Your task
For the material below, output exactly the span from the line with "From Stdlib Require Import BinInt." to the line with "Definition mulL (A", including both, and nothing besides.

═════ Records supplied ═════

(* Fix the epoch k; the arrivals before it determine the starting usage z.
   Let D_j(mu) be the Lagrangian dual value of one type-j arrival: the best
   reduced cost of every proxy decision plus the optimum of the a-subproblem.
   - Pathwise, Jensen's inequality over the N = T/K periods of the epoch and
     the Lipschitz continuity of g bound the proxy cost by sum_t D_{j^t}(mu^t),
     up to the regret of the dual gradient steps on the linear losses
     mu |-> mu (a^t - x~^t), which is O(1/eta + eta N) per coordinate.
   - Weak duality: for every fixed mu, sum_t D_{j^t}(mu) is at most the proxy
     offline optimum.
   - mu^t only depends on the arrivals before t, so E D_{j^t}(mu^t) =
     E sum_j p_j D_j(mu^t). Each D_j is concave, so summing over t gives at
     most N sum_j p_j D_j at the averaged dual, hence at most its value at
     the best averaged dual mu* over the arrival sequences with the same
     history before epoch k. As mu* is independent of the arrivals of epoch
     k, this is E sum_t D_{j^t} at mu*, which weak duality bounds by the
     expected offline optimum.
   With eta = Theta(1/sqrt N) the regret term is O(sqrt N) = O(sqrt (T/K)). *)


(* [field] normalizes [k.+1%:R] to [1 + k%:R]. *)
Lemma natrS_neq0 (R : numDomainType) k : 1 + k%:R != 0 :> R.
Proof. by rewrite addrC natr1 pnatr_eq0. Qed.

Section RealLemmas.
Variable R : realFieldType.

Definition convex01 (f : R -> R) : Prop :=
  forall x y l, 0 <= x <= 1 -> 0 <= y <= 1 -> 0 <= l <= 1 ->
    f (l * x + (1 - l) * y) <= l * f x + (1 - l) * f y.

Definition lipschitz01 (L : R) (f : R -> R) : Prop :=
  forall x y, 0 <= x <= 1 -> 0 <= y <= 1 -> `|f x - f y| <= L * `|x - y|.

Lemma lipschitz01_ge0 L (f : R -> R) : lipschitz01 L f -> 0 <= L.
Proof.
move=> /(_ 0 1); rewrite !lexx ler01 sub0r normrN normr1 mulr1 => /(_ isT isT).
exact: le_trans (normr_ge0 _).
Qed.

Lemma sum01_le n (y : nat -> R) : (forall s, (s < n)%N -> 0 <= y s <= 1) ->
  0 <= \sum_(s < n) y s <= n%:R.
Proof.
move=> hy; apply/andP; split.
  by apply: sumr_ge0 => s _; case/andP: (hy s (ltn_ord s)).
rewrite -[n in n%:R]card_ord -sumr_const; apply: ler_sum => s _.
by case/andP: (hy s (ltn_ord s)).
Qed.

═════
═════ Records supplied ═════

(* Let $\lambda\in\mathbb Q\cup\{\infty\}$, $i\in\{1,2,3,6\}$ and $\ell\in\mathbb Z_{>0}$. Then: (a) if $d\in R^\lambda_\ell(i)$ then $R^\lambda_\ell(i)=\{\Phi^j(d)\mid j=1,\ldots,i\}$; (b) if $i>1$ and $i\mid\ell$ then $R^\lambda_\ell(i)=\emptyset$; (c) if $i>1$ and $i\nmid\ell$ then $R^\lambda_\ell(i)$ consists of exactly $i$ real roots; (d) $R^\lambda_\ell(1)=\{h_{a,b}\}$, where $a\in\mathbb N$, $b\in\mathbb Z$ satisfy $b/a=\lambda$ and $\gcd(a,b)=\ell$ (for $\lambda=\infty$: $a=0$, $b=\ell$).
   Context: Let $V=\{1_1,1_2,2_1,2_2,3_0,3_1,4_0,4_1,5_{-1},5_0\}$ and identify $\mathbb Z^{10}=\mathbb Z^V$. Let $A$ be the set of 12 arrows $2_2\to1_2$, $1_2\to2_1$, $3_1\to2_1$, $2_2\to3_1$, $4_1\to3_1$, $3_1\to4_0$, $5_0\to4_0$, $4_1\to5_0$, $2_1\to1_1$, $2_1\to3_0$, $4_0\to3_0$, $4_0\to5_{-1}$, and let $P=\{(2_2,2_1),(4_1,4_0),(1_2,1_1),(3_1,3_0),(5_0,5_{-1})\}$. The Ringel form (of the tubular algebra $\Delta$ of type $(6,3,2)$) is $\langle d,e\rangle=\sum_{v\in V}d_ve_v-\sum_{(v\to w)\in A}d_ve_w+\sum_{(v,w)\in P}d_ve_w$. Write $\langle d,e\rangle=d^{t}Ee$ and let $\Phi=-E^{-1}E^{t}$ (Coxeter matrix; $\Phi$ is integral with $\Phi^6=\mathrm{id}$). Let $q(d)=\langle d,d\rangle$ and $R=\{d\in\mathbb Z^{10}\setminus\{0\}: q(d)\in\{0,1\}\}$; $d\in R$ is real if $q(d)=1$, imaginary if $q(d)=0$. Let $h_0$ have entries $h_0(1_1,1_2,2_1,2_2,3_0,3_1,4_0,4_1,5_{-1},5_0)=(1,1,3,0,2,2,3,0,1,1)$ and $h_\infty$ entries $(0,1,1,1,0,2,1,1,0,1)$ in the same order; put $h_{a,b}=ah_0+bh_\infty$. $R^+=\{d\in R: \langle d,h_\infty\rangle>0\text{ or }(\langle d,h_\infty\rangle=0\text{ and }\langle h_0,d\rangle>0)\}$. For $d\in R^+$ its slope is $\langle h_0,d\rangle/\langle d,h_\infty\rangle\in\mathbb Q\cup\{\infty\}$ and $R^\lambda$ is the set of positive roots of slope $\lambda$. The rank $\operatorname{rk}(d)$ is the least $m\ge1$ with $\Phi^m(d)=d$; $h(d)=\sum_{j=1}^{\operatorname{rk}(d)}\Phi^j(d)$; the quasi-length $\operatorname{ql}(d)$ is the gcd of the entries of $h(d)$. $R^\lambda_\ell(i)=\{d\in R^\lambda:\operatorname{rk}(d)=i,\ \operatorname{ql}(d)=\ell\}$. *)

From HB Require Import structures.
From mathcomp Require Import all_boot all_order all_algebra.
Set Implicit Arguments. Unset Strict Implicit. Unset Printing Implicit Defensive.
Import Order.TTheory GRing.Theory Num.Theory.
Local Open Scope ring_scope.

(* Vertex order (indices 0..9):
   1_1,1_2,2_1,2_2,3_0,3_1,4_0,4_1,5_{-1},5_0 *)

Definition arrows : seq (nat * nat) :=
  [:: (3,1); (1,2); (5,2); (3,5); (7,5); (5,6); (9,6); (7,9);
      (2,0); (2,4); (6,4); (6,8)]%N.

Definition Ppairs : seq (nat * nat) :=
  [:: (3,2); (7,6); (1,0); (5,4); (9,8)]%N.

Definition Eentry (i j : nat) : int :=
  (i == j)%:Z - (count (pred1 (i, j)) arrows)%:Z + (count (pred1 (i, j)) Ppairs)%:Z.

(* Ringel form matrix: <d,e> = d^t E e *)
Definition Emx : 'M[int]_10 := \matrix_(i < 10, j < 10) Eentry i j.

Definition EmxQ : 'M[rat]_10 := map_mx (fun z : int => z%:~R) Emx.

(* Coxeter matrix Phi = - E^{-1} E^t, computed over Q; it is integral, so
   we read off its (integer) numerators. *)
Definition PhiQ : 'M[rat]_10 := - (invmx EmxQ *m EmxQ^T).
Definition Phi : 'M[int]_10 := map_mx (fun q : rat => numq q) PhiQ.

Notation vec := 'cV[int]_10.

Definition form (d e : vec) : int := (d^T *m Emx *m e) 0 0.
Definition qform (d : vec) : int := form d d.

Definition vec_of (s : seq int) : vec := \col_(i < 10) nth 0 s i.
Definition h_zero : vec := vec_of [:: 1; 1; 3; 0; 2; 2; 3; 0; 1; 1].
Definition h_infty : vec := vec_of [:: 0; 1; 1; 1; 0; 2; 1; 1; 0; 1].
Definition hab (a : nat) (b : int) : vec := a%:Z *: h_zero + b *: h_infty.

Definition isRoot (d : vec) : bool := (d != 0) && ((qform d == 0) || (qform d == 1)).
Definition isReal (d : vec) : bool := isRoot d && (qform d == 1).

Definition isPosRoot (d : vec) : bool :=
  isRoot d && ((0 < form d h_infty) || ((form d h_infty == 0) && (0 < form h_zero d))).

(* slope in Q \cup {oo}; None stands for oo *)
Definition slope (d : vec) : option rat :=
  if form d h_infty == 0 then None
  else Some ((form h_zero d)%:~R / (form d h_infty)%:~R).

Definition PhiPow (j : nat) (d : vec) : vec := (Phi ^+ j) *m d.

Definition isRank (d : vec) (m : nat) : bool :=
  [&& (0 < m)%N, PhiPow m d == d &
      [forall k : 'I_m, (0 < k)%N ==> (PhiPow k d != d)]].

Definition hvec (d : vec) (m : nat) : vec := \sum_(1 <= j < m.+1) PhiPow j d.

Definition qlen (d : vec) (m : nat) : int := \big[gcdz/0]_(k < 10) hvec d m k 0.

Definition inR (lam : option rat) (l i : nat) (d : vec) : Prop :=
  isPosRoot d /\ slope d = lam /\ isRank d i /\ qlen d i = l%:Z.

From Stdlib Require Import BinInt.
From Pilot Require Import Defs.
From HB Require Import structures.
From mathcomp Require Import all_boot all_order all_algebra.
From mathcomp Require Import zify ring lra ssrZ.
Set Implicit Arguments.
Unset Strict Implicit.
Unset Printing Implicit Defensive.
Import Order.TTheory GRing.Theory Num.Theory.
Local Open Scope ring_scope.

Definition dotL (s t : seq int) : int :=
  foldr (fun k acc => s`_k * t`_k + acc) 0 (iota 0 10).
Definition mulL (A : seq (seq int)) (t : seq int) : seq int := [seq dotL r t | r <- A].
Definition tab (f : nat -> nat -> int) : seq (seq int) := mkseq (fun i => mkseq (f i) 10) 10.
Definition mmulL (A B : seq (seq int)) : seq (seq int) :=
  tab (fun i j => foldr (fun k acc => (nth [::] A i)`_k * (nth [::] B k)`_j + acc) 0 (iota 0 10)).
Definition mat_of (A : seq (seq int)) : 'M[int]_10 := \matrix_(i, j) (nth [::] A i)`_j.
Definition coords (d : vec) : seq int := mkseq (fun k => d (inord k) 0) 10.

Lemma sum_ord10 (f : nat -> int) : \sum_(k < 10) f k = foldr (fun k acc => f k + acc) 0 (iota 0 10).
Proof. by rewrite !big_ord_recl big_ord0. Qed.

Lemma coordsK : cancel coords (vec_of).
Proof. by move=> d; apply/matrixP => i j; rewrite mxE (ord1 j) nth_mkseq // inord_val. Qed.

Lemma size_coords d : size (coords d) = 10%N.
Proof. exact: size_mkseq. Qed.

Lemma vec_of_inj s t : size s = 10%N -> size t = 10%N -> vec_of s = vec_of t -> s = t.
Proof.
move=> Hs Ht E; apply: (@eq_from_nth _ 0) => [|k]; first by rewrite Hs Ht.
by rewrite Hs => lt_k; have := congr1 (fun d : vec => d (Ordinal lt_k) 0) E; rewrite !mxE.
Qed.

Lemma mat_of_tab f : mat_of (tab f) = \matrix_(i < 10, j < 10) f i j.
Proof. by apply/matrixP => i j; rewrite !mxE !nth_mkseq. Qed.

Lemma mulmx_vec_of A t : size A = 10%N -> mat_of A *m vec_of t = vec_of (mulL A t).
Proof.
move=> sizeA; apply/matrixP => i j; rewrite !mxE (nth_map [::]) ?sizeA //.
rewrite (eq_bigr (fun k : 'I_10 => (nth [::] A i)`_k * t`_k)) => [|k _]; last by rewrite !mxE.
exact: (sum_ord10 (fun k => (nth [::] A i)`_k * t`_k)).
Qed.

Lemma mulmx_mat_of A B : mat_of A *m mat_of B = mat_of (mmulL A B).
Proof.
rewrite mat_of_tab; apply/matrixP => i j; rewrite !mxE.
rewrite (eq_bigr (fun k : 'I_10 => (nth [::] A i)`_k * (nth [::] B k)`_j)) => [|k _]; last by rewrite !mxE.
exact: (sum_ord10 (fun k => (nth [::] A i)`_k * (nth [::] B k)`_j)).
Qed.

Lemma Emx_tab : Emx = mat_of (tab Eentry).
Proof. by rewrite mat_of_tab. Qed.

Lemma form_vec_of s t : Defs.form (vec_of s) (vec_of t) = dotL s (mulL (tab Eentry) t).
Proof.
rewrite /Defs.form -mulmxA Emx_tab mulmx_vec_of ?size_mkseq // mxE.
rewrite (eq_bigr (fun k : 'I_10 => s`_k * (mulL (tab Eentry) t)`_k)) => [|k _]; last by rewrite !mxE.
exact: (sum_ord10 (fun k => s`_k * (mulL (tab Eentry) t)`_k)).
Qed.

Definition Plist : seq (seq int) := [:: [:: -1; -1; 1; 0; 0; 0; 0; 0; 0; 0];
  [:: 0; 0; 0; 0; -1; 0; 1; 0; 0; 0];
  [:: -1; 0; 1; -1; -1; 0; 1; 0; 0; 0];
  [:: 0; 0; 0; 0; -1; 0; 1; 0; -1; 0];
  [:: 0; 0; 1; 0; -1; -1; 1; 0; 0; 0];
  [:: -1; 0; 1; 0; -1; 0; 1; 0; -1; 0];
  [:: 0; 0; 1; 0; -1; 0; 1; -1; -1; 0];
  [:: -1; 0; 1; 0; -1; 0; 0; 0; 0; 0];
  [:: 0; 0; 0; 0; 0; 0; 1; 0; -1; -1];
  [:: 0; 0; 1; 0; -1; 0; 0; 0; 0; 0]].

═════

Result
From Stdlib Require Import BinInt.
From Pilot Require Import Defs.
From HB Require Import structures.
From mathcomp Require Import all_boot all_order all_algebra.
From mathcomp Require Import zify ring lra ssrZ.
Set Implicit Arguments.
Unset Strict Implicit.
Unset Printing Implicit Defensive.
Import Order.TTheory GRing.Theory Num.Theory.
Local Open Scope ring_scope.

Definition dotL (s t : seq int) : int :=
  foldr (fun k acc => s`_k * t`_k + acc) 0 (iota 0 10).
Definition mulL (A : seq (seq int)) (t : seq int) : seq int := [seq dotL r t | r <- A].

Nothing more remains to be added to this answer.